Le parti négationniste au pouvoir — c’est-à-dire l’ensemble des forces financières, médiatiques, politiques, publicitaires, qui s’acharnent à nier contre toute évidence le Grand Remplacement, le génocide par substitution, la colonisation africaine et l’islamisation qu’elles encouragent — vient de colmater d’un geste la seule brèche un peu significative qui demeurât dans ses enceintes : Éric Zemmour ne pourra plus s’exprimer en direct. Sa parole sera constamment surveillée, différée et filtrée.

Cette décision est prise à l’occasion d’un attentat criminel autant qu’imbécile contre une mosquée, qui a entrainé de graves blessures chez deux victimes.

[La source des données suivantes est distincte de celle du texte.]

(* Let $\Phi=(A;\{E_i\}_{i=0}^d;A^*;\{E^*_i\}_{i=0}^d)$ be a tridiagonal system on $V$ with $d\ge1$, such that $(A,A^* )$ satisfies the $q$-Serre relations, with $E_iV$ the eigenspace of $A$ for $\theta_i=q^{2i-d}$ and $E^*_iV$ the eigenspace of $A^*$ for $\theta^*_i=q^{d-2i}$. Let $\{U_i\}_{i=0}^d$ be its split decomposition, $K:V\to V$ the linear map acting on $U_i$ as $q^{d-2i}I$, $t$ a scalar, and $B^*=tA^*+(1-t)K$. Then $B^*$ is diagonalizable with eigenvalues $\theta^*_0,\dots,\theta^*_d$, and for $0\le i\le d$ the $\theta^*_i$-eigenspace of $B^*$ has dimension $\dim U_i$.
   Context: $\mathcal K$ is an algebraically closed field; $V$ is a nonzero finite-dimensional vector space over $\mathcal K$; $q\in\mathcal K$ is nonzero and not a root of unity; $[3]_q=q^2+1+q^{-2}$. The $q$-Serre relations for $(X,Y)$: $X^3Y-[3]_qX^2YX+[3]_qXYX^2-YX^3=0$ and $Y^3X-[3]_qY^2XY+[3]_qYXY^2-XY^3=0$. Primitive idempotent of a diagonalizable $X$ for eigenvalue $\lambda_i$: $\prod_{j\ne i}\frac{X-\lambda_jI}{\lambda_i-\lambda_j}$. A tridiagonal system on $V$ is a sequence $(A;\{E_i\}_{i=0}^d;A^*;\{E^*_i\}_{i=0}^d)$ with $A,A^*$ diagonalizable, $\{E_i\}$, $\{E^*_i\}$ orderings of their primitive idempotents, $E_iA^*E_j=0$ and $E^*_iAE^*_j=0$ when $|i-j|>1$, and no subspaces other than $0,V$ invariant under both $A$ and $A^*$. Split decomposition: $U_i=(E^*_0V+\cdots+E^*_iV)\cap(E_iV+\cdots+E_dV)$; known: $V=U_0\oplus\cdots\oplus U_d$ with each $U_i\ne0$, $(A-\theta_iI)U_i\subseteq U_{i+1}$, $(A^*-\theta^*_iI)U_i\subseteq U_{i-1}$ ($U_{-1}=U_{d+1}=0$). *)

(* V = 'rV[F]_n (row vectors), linear maps = 'M[F]_n acting on
   the right (v |-> v *m A); subspaces = row spaces of matrices (%MS). *)
From HB Require Import structures.
From mathcomp Require Import all_boot all_order all_algebra.
Set Implicit Arguments. Unset Strict Implicit. Unset Printing Implicit Defensive.
Import Order.TTheory GRing.Theory Num.Theory.
Local Open Scope ring_scope.

Section TD.
Variable F : fieldType.

Definition qint3 (q : F) : F := q ^+ 2 + 1 + q ^- 2.

Definition qSerre n (q : F) (X Y : 'M[F]_n) : Prop :=
  X *m X *m X *m Y - qint3 q *: (X *m X *m Y *m X)
    + qint3 q *: (X *m Y *m X *m X) - Y *m X *m X *m X = 0 /\
  Y *m Y *m Y *m X - qint3 q *: (Y *m Y *m X *m Y)
    + qint3 q *: (Y *m X *m Y *m Y) - X *m Y *m Y *m Y = 0.

Definition qtheta (q : F) (d i : nat) : F := q ^ ((2 * i)%:Z - d%:Z).
Definition qthetas (q : F) (d i : nat) : F := q ^ (d%:Z - (2 * i)%:Z).

Definition prim_idem n (X : 'M[F]_n) (th : nat -> F) (d i : nat) : 'M[F]_n :=
  \prod_(j < d.+1 | (j : nat) != i) ((th i - th j)^-1 *: (X - (th j)%:M)).

(* (A; {E_i}; A*; {E*_i}) is a tridiagonal system on V, where E_i is the
   primitive idempotent of A for th i and E*_i that of A* for ths i, i.e.
   th 0..th d are the (distinct) eigenvalues of A in the order given by the
   system, and similarly for A*. *)
Definition tridiagonal_system n (d : nat) (A As : 'M[F]_n) (th ths : nat -> F)
  : Prop :=
  [/\ diagonalizable A, diagonalizable As,
      {in gtn d.+1 &, injective th} /\ {in gtn d.+1 &, injective ths},
      (forall a, eigenvalue A a <-> exists2 i, (i <= d)%N & a = th i) /\
      (forall a, eigenvalue As a <-> exists2 i, (i <= d)%N & a = ths i) &
      (forall i j, (i <= d)%N -> (j <= d)%N -> (i.+1 < j)%N || (j.+1 < i)%N ->
         prim_idem A th d i *m As *m prim_idem A th d j = 0) /\
      (forall i j, (i <= d)%N -> (j <= d)%N -> (i.+1 < j)%N || (j.+1 < i)%N ->
         prim_idem As ths d i *m A *m prim_idem As ths d j = 0) /\
      (forall W : 'M[F]_n, (W *m A <= W)%MS -> (W *m As <= W)%MS ->
         (W == (0 : 'M[F]_n))%MS \/ (W == 1%:M)%MS)].
(* Let $\gamma > \sqrt{2}$ and let $I$ be a $\gamma$-stable instance of the Euclidean Steiner tree problem with optimal Steiner tree $\mathrm{OPT}$. Then every Steiner point that is a vertex of $\mathrm{OPT}$ has degree in $\mathrm{OPT}$ at most $\frac{-2}{2 - \gamma^2}$.
   Context: An instance of the Euclidean Steiner tree problem consists of a finite set $V \subset \mathbb{R}^d$, a set $T \subseteq V$ of terminals, and the complete graph on $V$ with edge weights $w_{uv} = \|u - v\|$. Points of $V \setminus T$ are Steiner points. A Steiner tree is a tree in this complete graph whose vertex set contains all of $T$; its weight is the sum of its edge weights. For $\gamma > 1$, the instance is $\gamma$-stable if it has a minimum-weight Steiner tree $\mathrm{OPT}$ such that for every $w' : V \times V \to \mathbb{R}_{\ge 0}$ with $w_{uv} \le w'_{uv} \le \gamma w_{uv}$ for all $u,v$, every minimum-weight Steiner tree with respect to $w'$ equals $\mathrm{OPT}$ (the $w'$ need not be Euclidean). *)

From HB Require Import structures.
From mathcomp Require Import all_boot all_order all_algebra.
From mathcomp Require Import reals.
Set Implicit Arguments. Unset Strict Implicit. Unset Printing Implicit Defensive.
Import Order.TTheory GRing.Theory Num.Theory.
Local Open Scope ring_scope.

Section Steiner.
Variables (R : realType) (d : nat) (V : finType).

Definition edist (x y : 'rV[R]_d) : R :=
  Num.sqrt (\sum_(i < d) (x 0 i - y 0 i) ^+ 2).

Definition is_edge (e : {set V}) : bool := #|e| == 2%N.

(* Euclidean weight of an edge e = {u,v}: (1/2) * sum_{u,v in e} |u - v|,
   which equals |u - v| for a 2-element set. *)
Definition eucl_w (p : V -> 'rV[R]_d) (e : {set V}) : R :=
  (\sum_(u in e) \sum_(v in e) edist (p u) (p v)) / 2.

Definition adj (E : {set {set V}}) : rel V := fun x y => [set x; y] \in E.

Definition connected_on (S : {set V}) (E : {set {set V}}) : Prop :=
  forall x y, x \in S -> y \in S -> connect (adj E) x y.

(* acyclic: no edge lies on a cycle, i.e. no edge {x,y} of E whose endpoints
   are still connected in E minus that edge *)
Definition acyclic (E : {set {set V}}) : Prop :=
  forall x y, x != y -> [set x; y] \in E ->
    ~~ connect (adj (E :\ [set x; y])) x y.

Definition is_tree (S : {set V}) (E : {set {set V}}) : Prop :=
  [/\ S != set0,
      (forall e, e \in E -> is_edge e /\ e \subset S),
      connected_on S E & acyclic E].

Definition steiner_tree (T S : {set V}) (E : {set {set V}}) : Prop :=
  is_tree S E /\ T \subset S.

Definition tree_weight (w : {set V} -> R) (E : {set {set V}}) : R :=
  \sum_(e in E) w e.

Definition min_steiner_tree (w : {set V} -> R) (T S : {set V})
    (E : {set {set V}}) : Prop :=
  steiner_tree T S E /\
  forall S' E', steiner_tree T S' E' -> tree_weight w E <= tree_weight w E'.

Definition gamma_perturbation (p : V -> 'rV[R]_d) (gamma : R)
    (w' : {set V} -> R) : Prop :=
  forall u v, u != v ->
    edist (p u) (p v) <= w' [set u; v] <= gamma * edist (p u) (p v).

Definition gamma_stable_with (p : V -> 'rV[R]_d) (T : {set V}) (gamma : R)
    (S : {set V}) (E : {set {set V}}) : Prop :=
  min_steiner_tree (eucl_w p) T S E /\
  forall w', gamma_perturbation p gamma w' ->
    forall S' E', min_steiner_tree w' T S' E' -> S' = S /\ E' = E.

Definition degree (E : {set {set V}}) (v : V) : nat := #|[set e in E | v \in e]|.

End Steiner.

From HB Require Import structures.
From mathcomp Require Import all_boot all_order all_algebra.
From mathcomp Require Import reals boolp.
From mathcomp Require Import ring lra.
Import Order.TTheory GRing.Theory Num.Theory.
Local Open Scope ring_scope.

(* Let s be a Steiner point of OPT with nonempty neighbourhood N. Multiplying
   the weights of the edges at s by gamma is a gamma-perturbation, so OPT stays
   the unique optimum. Replacing the star at s by the star centred at some
   m in N keeps the graph connected and changes the perturbed weight from
   rest + gamma * sum_u |u - s| to at most rest + sum_u |u - m|.
   With r_u = |u - s| and b_u the unit vector from s towards u, completing a
   square gives
     |u - m| / r_m <= g/4 (r_u/r_m + r_m/r_u) + r_u / (g r_m) - g/2 <b_u, b_m>,
   and sum_(u,m) <b_u, b_m> = |sum_u b_u|^2 >= 0. Taking g = sqrt 2, a
   (1/r_m)-weighted average over m of sum_u |u - m| is at most
   sqrt 2 * sum_u r_u < gamma * sum_u r_u, contradicting stability. Hence for
   gamma > sqrt 2 Steiner points of OPT have degree 0, below the claimed bound. *)

Section EuclideanDistance.
Context {R : realType} {d : nat}.
Implicit Types c x y : 'rV[R]_d.

Lemma edist_ge0 x y : 0 <= edist x y.
Proof. exact: sqrtr_ge0. Qed.

Lemma edist_sqr x y : edist x y ^+ 2 = \sum_(i < d) (x 0 i - y 0 i) ^+ 2.
Proof. by rewrite sqr_sqrtr // sumr_ge0 // => i _; exact: sqr_ge0. Qed.

Lemma edistC x y : edist x y = edist y x.
Proof. by rewrite /edist; congr Num.sqrt; apply: eq_bigr => i _; rewrite -sqrrN opprB. Qed.

Lemma edistxx x : edist x x = 0.
Proof. by rewrite /edist big1 ?sqrtr0 // => i _; rewrite subrr expr0n. Qed.

Lemma edist_gt0 x y : x != y -> 0 < edist x y.
Proof.
move=> neq_xy; rewrite lt_def edist_ge0 andbT; apply: contra neq_xy => /eqP d0.
have sum0 : \sum_(i < d) (x 0 i - y 0 i) ^+ 2 = 0 by rewrite -edist_sqr d0 expr0n.
apply/eqP/rowP => i; apply/eqP; rewrite -subr_eq0 -sqrf_eq0; apply/eqP.
exact: (psumr_eq0P (fun i _ => sqr_ge0 (x 0 i - y 0 i)) sum0).
Qed.

Lemma edist_sqr_apex c x y :
  edist x y ^+ 2 =
  edist c x ^+ 2 + edist c y ^+ 2 - 2 * \sum_(i < d) (x 0 i - c 0 i) * (y 0 i - c 0 i).
Proof.
rewrite !edist_sqr mulr_sumr -big_split -sumrB /=.
by apply: eq_bigr => i _; ring.
Qed.

Lemma gram_sum_ge0 (I : finType) (A : {pred I}) (a : I -> 'I_d -> R) :
  0 <= \sum_(m in A) \sum_(u in A) \sum_(i < d) a u i * a m i.
Proof.
have -> : \sum_(m in A) \sum_(u in A) \sum_(i < d) a u i * a m i =
          \sum_(i < d) (\sum_(u in A) a u i) ^+ 2.
  rewrite exchange_big /=; under eq_bigr do rewrite exchange_big /=.
  rewrite exchange_big /=; apply: eq_bigr => i _.
  by rewrite expr2 mulr_suml; apply: eq_bigr => u _; rewrite mulr_sumr.
by apply: sumr_ge0 => i _; exact: sqr_ge0.
Qed.

End EuclideanDistance.

(* (y^2 + z^2 - x^2) / (2 y z) is the cosine of the angle between the sides y
   and z of a triangle whose third side is x. *)
Lemma ler_side_by_cosine {R : realFieldType} {g} x {y z : R} :
  0 < g -> 0 < y -> 0 < z ->
  x / z <= g / 4 * (y / z + z / y) + y / (g * z)
           - g * (y ^+ 2 + z ^+ 2 - x ^+ 2) / (4 * (y * z)).
Proof.
move=> g0 y0 z0; rewrite -subr_ge0.
have -> : g / 4 * (y / z + z / y) + y / (g * z)
          - g * (y ^+ 2 + z ^+ 2 - x ^+ 2) / (4 * (y * z)) - x / z
          = (g * x / 2 - y) ^+ 2 / (g * y * z).
  by field; rewrite !gt_eqF.
by rewrite divr_ge0 ?sqr_ge0 // !mulr_ge0 // ltW.
Qed.

Lemma exists_le_weighted_sum (R : realDomainType) (I : finType) (A : {pred I})
    (w f h : I -> R) :
  (exists i, i \in A) -> (forall i, i \in A -> 0 < w i) ->
  \sum_(i in A) w i * f i <= \sum_(i in A) w i * h i ->
  exists2 i, i \in A & f i <= h i.
Proof.
move=> [i0 Ai0] w_gt0 le_sum; apply/exists_inP; apply: contraLR le_sum.
move=> /exists_inPn lt_hf; rewrite -ltNge; apply: ltr_sum.
  by apply/hasP; exists i0; rewrite ?mem_index_enum.
by move=> i Ai; rewrite ltr_pM2l ?w_gt0 // ltNge lt_hf.
Qed.

Section ShortStar.
Context {R : realType} {d : nat} {V : finType}.
Context {q : V -> 'rV[R]_d} {c : 'rV[R]_d} {N : {set V}}.
Hypothesis q_neq_c : forall u, u \in N -> q u != c.

Let r u := edist c (q u).

Let r_gt0 {u} : u \in N -> 0 < r u.
Proof. by move=> Nu; rewrite edist_gt0 // eq_sym q_neq_c. Qed.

On remarquera qu’on a immédiatement tout su du coupable et de ses raisons d’agir, ce qui est un net progrès sur les tergiversations coutumières en pareil cas, quand les meurtriers sont d’un autre bord, ainsi qu’il est plus habituel. Autre amélioration, il n’est pas question cette fois d’un “déséquilibré”. Au demeurant les conséquences de ce crime sont désolantes, certes, et nul ne songe à en réduire si peu que ce soit la détestable gravité : mais elles sont infiniment moins catastrophiques, heureusement, que les dizaines et les centaines de morts qu’ont entraîné ces dernières années, dans notre pays, les attentats islamistes ; de même que les quelques atteintes à des mosquées sont peu de choses auprès des centaines d’églises jours après jour attaquées, incendiées ou détruites, dans l’indifférence des pouvoirs publics.

Le climat actuel serait à la montée de l’islamophobie, paraît-il. Pour ce qui est de la haine, pourtant, il en va chez les indigènes français et assimilés comme pour le pétrole : leurs exportations sont insignifiantes au regard de leurs importations. Il est assez coutumier que l’invasion et l’occupation entraînent un certain désir de libération, chez les envahis et les occupés. Cette ardeur d’affranchissement a peu de chose à voir avec la phobie, sans quoi Jeanne d’Arc, Charles de Gaulle ou Jean Moulin seraient de grandes figures de l’histoire de la haine. En relève bien davantage tout ce qu’essuient jour après jour les envahis, en insultes, nocences et nuisances de toute sorte, déversées sur eux en un flot continu avec une exécration ordurière (cf. les “réseaux sociaux”) qui paraît ne troubler en rien, elle, les belles âmes remplacistes et négationnistes. Mais c’est toujours cela, le négationnisme : un monde à l’envers, une réalité renversée, où le dénégateur ne voit que ce qu’il veut voir, n’entend que ce qui lui plaît et ne juge qu’avec une balance à deux poids, deux mesures. Quant aux lanceurs d’alerte, on les fait taire.